Establishment of novel anti-TIM-3 antibodies interfering with its binding to ligands
Zhuohong Yan,
Teng Ma,
Xiaojue Wang,
Ling Yi,
Panjian Wei,
Hongtao Zhang,
Jinghui Wang
Affiliations
Zhuohong Yan
Cancer Research Center, Beijing Chest Hospital, Capital Medical University, Beijing Tuberculosis and Thoracic Tumor Research Institute, Beijing, 101149, China; Corresponding author. Cancer Research Center, Beijing Chest Hospital, Capital Medical University, Beijing Tuberculosis and Thoracic Tumor Research Institute, No. 97 Machang, Tongzhou District, Beijing, 101149, China.
Teng Ma
Cancer Research Center, Beijing Chest Hospital, Capital Medical University, Beijing Tuberculosis and Thoracic Tumor Research Institute, Beijing, 101149, China
Xiaojue Wang
Cancer Research Center, Beijing Chest Hospital, Capital Medical University, Beijing Tuberculosis and Thoracic Tumor Research Institute, Beijing, 101149, China
Ling Yi
Cancer Research Center, Beijing Chest Hospital, Capital Medical University, Beijing Tuberculosis and Thoracic Tumor Research Institute, Beijing, 101149, China
Panjian Wei
Cancer Research Center, Beijing Chest Hospital, Capital Medical University, Beijing Tuberculosis and Thoracic Tumor Research Institute, Beijing, 101149, China
Hongtao Zhang
Cancer Research Center, Beijing Chest Hospital, Capital Medical University, Beijing Tuberculosis and Thoracic Tumor Research Institute, Beijing, 101149, China
Jinghui Wang
Cancer Research Center, Beijing Chest Hospital, Capital Medical University, Beijing Tuberculosis and Thoracic Tumor Research Institute, Beijing, 101149, China; Department of Medical Oncology, Beijing Chest Hospital, Capital Medical University, Beijing Tuberculosis and Thoracic Tumor Research Institute, Beijing, 101149, China; Corresponding author.

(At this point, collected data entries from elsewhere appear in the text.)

Lemma sin_mul_rec (th : R) (k : nat) :
  sin (INR (S (S k)) * th) = - qth th * sin (INR (S k) * th) - sin (INR k * th).
Proof.
  unfold qth. rewrite !S_INR.
  replace ((INR k + 1 + 1) * th) with ((INR k + 1) * th + th) by ring.
  replace (INR k * th) with ((INR k + 1) * th - th) by ring.
  rewrite sin_plus, sin_minus. ring.
Qed.

Lemma sin_mul_0 (th : R) : sin (INR 0 * th) = 0.
Proof. simpl. rewrite Rmult_0_l. apply sin_0. Qed.

Section Roots.

Variable th : R.
Hypothesis cos_neq_0 : cos th <> 0.
Hypothesis qth_sqr_neq_1 : qth th ^ 2 - 1 <> 0.
Hypothesis sin_neq_0 : sin th <> 0.

Lemma rth_mul_qth : rth th * qth th = qth th ^ 2 - 1.
Proof. unfold rth, qth. field. exact cos_neq_0. Qed.

Lemma qth_neq_0 : qth th <> 0.
Proof. unfold qth. contradict cos_neq_0. lra. Qed.

Lemma rth_neq_0 : rth th <> 0.
Proof.
  intros Hr. apply qth_sqr_neq_1. rewrite <- rth_mul_qth, Hr. ring.
Qed.

Lemma zth_eq : zth th = RtoC (- qth th ^ 2 / (qth th ^ 2 - 1) ^ 3).
Proof.
  unfold zth. f_equal. rewrite <- rth_mul_qth.
  pose proof qth_neq_0. pose proof rth_neq_0. field. auto.
Qed.

Lemma t1_add_t2 : (t1 th + t2 th)%C = RtoC (- rth th * qth th).
Proof. unfold t1, t2, qth. apply injective_projections; simpl; ring. Qed.

Lemma t1_mul_t2 : (t1 th * t2 th)%C = RtoC (rth th ^ 2).
Proof.
  unfold t1, t2. pose proof (sin2_cos2 th) as Hpyth. unfold Rsqr in Hpyth.
  apply injective_projections; simpl; nra.
Qed.

Lemma t1_sub_t2 : (t1 th - t2 th)%C = (RtoC (2 * rth th * sin th) * Ci)%C.
Proof. unfold t1, t2. apply injective_projections; simpl; ring. Qed.

Lemma t_vandermonde :
  ((t1 th - t2 th) * (t2 th - t3 th) * (t3 th - t1 th))%C
  = (RtoC (- 2 * rth th ^ 3 * sin th * (1 + 2 * qth th ^ 2)) * Ci)%C.
Proof.
  transitivity ((t1 th - t2 th)
                * - (t3 th * t3 th - (t1 th + t2 th) * t3 th + t1 th * t2 th))%C.
  { ring. }
  rewrite t1_add_t2, t1_mul_t2, t1_sub_t2. unfold t3.
  apply injective_projections; simpl; ring.
Qed.

Lemma rhs_denominator (m : nat) :
  (zth th * (t1 th - t2 th) * (t2 th - t3 th) * (t3 th - t1 th)
   * Cpow (t1 th) (m + 1) * Cpow (t2 th) (m + 1) * Cpow (t3 th) (m + 1))%C
  = (RtoC (2 * sin th * (1 + 2 * qth th ^ 2) / qth th * (rth th ^ 3 * qth th) ^ (m + 1)) * Ci)%C.
Proof.
  transitivity (zth th * ((t1 th - t2 th) * (t2 th - t3 th) * (t3 th - t1 th))
                * Cpow (t1 th * t2 th * t3 th) (m + 1))%C.
  { rewrite !Cpow_mult_l. ring. }
  rewrite t_vandermonde, t1_mul_t2. unfold t3.
  rewrite <- RtoC_mult.
  replace (rth th ^ 2 * (rth th * qth th)) with (rth th ^ 3 * qth th) by ring.
  rewrite <- RtoC_pow. unfold zth.
  pose proof qth_neq_0. pose proof rth_neq_0.
  apply injective_projections; simpl; field; auto.
Qed.

Lemma rhs_closed_form (m : nat) :
  ((RtoC (qth th ^ (m + 1) * ((- 2 * cos th) * sin (INR (m + 1) * th)
                               - sin (INR (m + 2) * th)) + sin th)
    / (zth th * (t1 th - t2 th) * (t2 th - t3 th) * (t3 th - t1 th)
       * Cpow (t1 th) (m + 1) * Cpow (t2 th) (m + 1) * Cpow (t3 th) (m + 1)))
   * (RtoC 2 * Ci) * RtoC (rth th ^ (2 * m + 3)))%C
  = RtoC (closed_form (qth th) (fun k => sin (INR k * th)) m).
Proof.
  pose proof qth_neq_0 as Hq. pose proof rth_neq_0 as Hr.
  assert (Hsin1 : sin (INR 1 * th) = sin th) by (simpl; now rewrite Rmult_1_l).
  assert (Hq2 : 1 + 2 * qth th ^ 2 <> 0) by (pose proof (pow2_ge_0 (qth th)); lra).
  assert (Hden : 2 * sin th * (1 + 2 * qth th ^ 2) / qth th
                 * (rth th ^ 3 * qth th) ^ (m + 1) <> 0).
  { unfold Rdiv. repeat apply Rmult_integral_contrapositive_currified;
      auto using pow_nonzero, Rinv_neq_0_compat, Rmult_integral_contrapositive_currified;
      lra. }
  rewrite rhs_denominator, Cdiv_mul_Ci by exact Hden.
  f_equal. unfold closed_form.
  rewrite (closed_form_num_0 _ _ (sin_mul_0 th) (sin_mul_rec th)), Hsin1, <- rth_mul_qth.
  unfold closed_form_num. rewrite Hsin1. fold (qth th).
  replace (2 * m + 3)%nat with (m + m + 3)%nat by lia.
  rewrite !Rpow_mult_distr, !pow_add, <- !pow_mult, (Nat.mul_comm 3 m), !pow_mult.
  field. repeat split; auto using pow_nonzero.
Qed.

End Roots.

Lemma cos_between (th : R) : 2 * PI / 3 < th < PI -> -1 < cos th < -1/2.
Proof.
  intros Hth. pose proof PI_RGT_0. split.
  - rewrite <- cos_PI. apply cos_decreasing_1; lra.
  - replace (-1/2) with (cos (2 * PI / 3)).
    + apply cos_decreasing_1; lra.
    + replace (2 * PI / 3) with (PI - PI / 3) by field.
      rewrite cos_minus, cos_PI, sin_PI, cos_PI3. lra.
Qed.

Theorem mainTheorem17 (J : nat -> C -> C) :
  generated_by (fun t z => (/ (1 + t + z * Cpow t 3))%C) J ->
  forall (th : R), 2 * PI / 3 < th < PI ->
  forall m : nat,
    J m (zth th) =
    ((RtoC (qth th ^ (m + 1) * ((- 2 * cos th) * sin (INR (m + 1) * th)
                                 - sin (INR (m + 2) * th)) + sin th)
      / (zth th * (t1 th - t2 th) * (t2 th - t3 th) * (t3 th - t1 th)
         * Cpow (t1 th) (m + 1) * Cpow (t2 th) (m + 1) * Cpow (t3 th) (m + 1)))
     * (RtoC 2 * Ci) * RtoC (rth th ^ (2 * m + 3)))%C.
Proof.
  intros HJ th Hth m.
  pose proof (cos_between th Hth) as Hcos.
  assert (Hsin : sin th <> 0) by (apply Rgt_not_eq, sin_gt_0; pose proof PI_RGT_0; lra).
  assert (Hq : qth th ^ 2 - 1 <> 0) by (unfold qth; nra).
  set (s k := sin (INR k * th)).
  assert (Hnum0 : closed_form_num (qth th) s 0 <> 0).
  { rewrite (closed_form_num_0 _ s (sin_mul_0 th) (sin_mul_rec th)).
    apply Rmult_integral_contrapositive; split; [nra |]. unfold s. simpl. now rewrite Rmult_1_l. }
  rewrite rhs_closed_form, zth_eq by (auto; lra).
  set (w := - qth th ^ 2 / (qth th ^ 2 - 1) ^ 3).
  pose proof (generated_by_cubic_recurrence J w HJ) as Hrec.
  apply injective_projections.
  - apply (PS_mul_cubic_inj w (fun n => Re (J n (RtoC w))) (closed_form (qth th) s)).
    intros n. rewrite (proj1 (Hrec n)). symmetry.
    apply (closed_form_recurrence _ s (sin_mul_0 th) (sin_mul_rec th)); assumption.
  - apply (PS_mul_cubic_inj w (fun n => Im (J n (RtoC w))) (fun _ => 0)).
    intros n. now rewrite (proj2 (Hrec n)), PS_mul_cubic_zero.
Qed.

Cancer Research Center, Beijing Chest Hospital, Capital Medical University, Beijing Tuberculosis and Thoracic Tumor Research Institute, No. 97 Machang, Tongzhou District, Beijing, 101149, China.

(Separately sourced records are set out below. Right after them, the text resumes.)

Lemma sum_wbar_sh_fibre s : s \in SV n ->
  \sum_(f in GS n | sh f == Phi s) wbar a b c f = sv_weight (snake_wt a b c) s.
Proof.
move=> sSV; set D := crossable s.
rewrite (eq_bigl _ _ (sh_fibre sSV)) big_imset => [|C1 C2]; last first.
  rewrite !powersetE => C1D C2D eC.
  by rewrite -(crossings_Phi_cross sSV C1D) -(crossings_Phi_cross sSV C2D) eC.
(* Expand the product over subsets of vertices; subsets not contained in D
   contribute 0. *)
have -> : sv_weight (snake_wt a b c) s =
          \prod_v ((if v \in D then - (a * b) else 0) + vertex_wt (Phi s) v).
  by apply: eq_bigr => v _; rewrite addrC vertex_wt_Phi.
rewrite [RHS]bigA_distr [LHS]big_mkcond; apply: eq_bigr => C _ /=.
rewrite powersetE; have [CD | /subsetPn[v vC vD]] := boolP (C \subset D).
  rewrite wbar_prod; apply: eq_bigr => v _; rewrite vertex_wt_Phi_cross //.
  by case: ifP => // /(subsetP CD) ->.
by rewrite (bigD1 v) //= vC (negbTE vD) mul0r.
Qed.

Lemma ZGS_Zsv : ZGS n a b c = Zsv n (snake_wt a b c).
Proof.
rewrite /ZGS (partition_big (@sh n) (mem (PS n))) => [|f]; last exact: sh_PS.
rewrite /= PS_Phi big_imset /=; last exact: Phi_injSV.
by apply: eq_bigr => s sSV; apply: sum_wbar_sh_fibre.
Qed.

End Weights.

Lemma SH_push_Psv (F : fieldType) (a b c : F) n (s : {ffun mid n -> bool}) :
  s \in SV n -> SH_push a b c s = Psv (snake_wt a b c) s.
Proof.
by move=> sSV; rewrite /SH_push /PGS /Psv -mulr_suml sum_wbar_sh_fibre // ZGS_Zsv.
Qed.

(** * The converse *)

Section Gauge.
Variables (n : nat) (R : comNzRingType).
Implicit Types (s : {ffun mid n -> bool}) (wt : vtype -> R).

Definition is_T5 (o : option vtype) : nat := if o is Some T5 then 1 else 0.
Definition is_T6 (o : option vtype) : nat := if o is Some T6 then 1 else 0.

(* At each vertex s (E_v) + [type 5] = s (W_v) + [type 6]; summing over the
   torus, the horizontal terms cancel since E_v = W_(v + e1). *)
Lemma sum_T5_T6 s : s \in SV n ->
  (\sum_v is_T5 (vtype_at s v) = \sum_v is_T6 (vtype_at s v))%N.
Proof.
move=> sSV; apply/eqP; rewrite -(eqn_add2l (\sum_v s (Em v))).
rewrite {2}(reindex_inj (can_inj (@vm1K n))) /= -!big_split /=.
apply/eqP/eq_bigr => v _.
by have := SV_vtype v sSV; rewrite /is_T5 /is_T6; case_vtype s v.
Qed.

Lemma sv_weight_scale (k : R) wt1 wt2 s : (forall t, wt1 t = k * wt2 t) ->
  sv_weight wt1 s = k ^+ #|vert n| * sv_weight wt2 s.
Proof.
move=> hwt; rewrite /sv_weight -prodr_const -big_split /=.
by apply: eq_bigr => v _; case: (vtype_at s v) => [t|]; rewrite ?hwt ?mulr0.
Qed.

Lemma sv_weight_gauge (p q : R) wt1 wt2 s : s \in SV n -> p * q = 1 ->
  (forall t, wt1 t = (if t is T5 then p else if t is T6 then q else 1) * wt2 t) ->
  sv_weight wt1 s = sv_weight wt2 s.
Proof.
move=> sSV pq1 hwt; rewrite /sv_weight.
rewrite (eq_bigr (fun v => p ^+ is_T5 (vtype_at s v) * q ^+ is_T6 (vtype_at s v) *
  if vtype_at s v is Some t then wt2 t else 0)) => [|v _]; last first.
  by case: (vtype_at s v) => [[]|]; rewrite ?hwt /= ?expr0 ?expr1 ?mulr0 ?mul1r ?mulr1.
by rewrite !big_split /= !prodrXr sum_T5_T6 // -exprMn pq1 expr1n mul1r.
Qed.

End Gauge.

Lemma Psv_scale (F : fieldType) n (wt1 wt2 : vtype -> F) (k : F) : k != 0 ->
  (forall s, s \in SV n -> sv_weight wt1 s = k * sv_weight wt2 s) ->
  {in SV n, Psv wt1 =1 Psv wt2}.
Proof.
move=> k0 hwt s sSV; rewrite /Psv /Zsv hwt // (eq_bigr _ hwt) -mulr_sumr.
by rewrite invfM mulrACA divff // mul1r.
Qed.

The T cell immunoglobulin and mucin-domain containing-3 (TIM-3) receptor has gained significant attention as a promising target for cancer immunotherapy. The inhibitory effect of T cells by TIM-3 is mediated through the interaction between TIM-3 and its ligands. Ligand-blocking anti-TIM-3 antibodies possess the potential to reactivate antigen-specific T cells and augment anti-tumor immunity. However, the precise ligand-receptor interactions disrupted by the administration of TIM-3 blocking Abs have yet to be fully elucidated. In this study, we have developed a panel of monoclonal antibodies targeting human TIM-3, namely MsT001, MsT065, MsT229, and MsT286. They exhibited high sensitivities (10 pg/mL) and affinities (3.70 × 10−9 to 4.61 × 10−11 M) for TIM-3. The TIM-3 antibodies recognized distinct epitopes, including linear epitopes (MsT001 and MsT065), and a conformational epitope (MsT229 and MsT286). Additionally, the MsT229 and MsT286 displayed reactivity towards cynomolgus TIM-3. The interactions between TIM-3/Gal-9, TIM-3/HMGB-1, and TIM-3/CEACAM-1 disrupt the binding of MsT229 and MsT286, while leaving the binding of MsT001 and MsT065 unaffected. The inhibitory effect on the interaction between Gal-9 and TIM-3 was found to be dose-dependently in the presence of either MsT229 or MsT286. The findings suggested that the involvement of conformational epitopes in TIM-3 is crucial for its interaction with ligands, and we successfully generated novel anti-TIM-3 Abs that exhibit inhibitory potential. In conclusion, our finding offers valuable insights -on the comprehension and targeting of human TIM-3.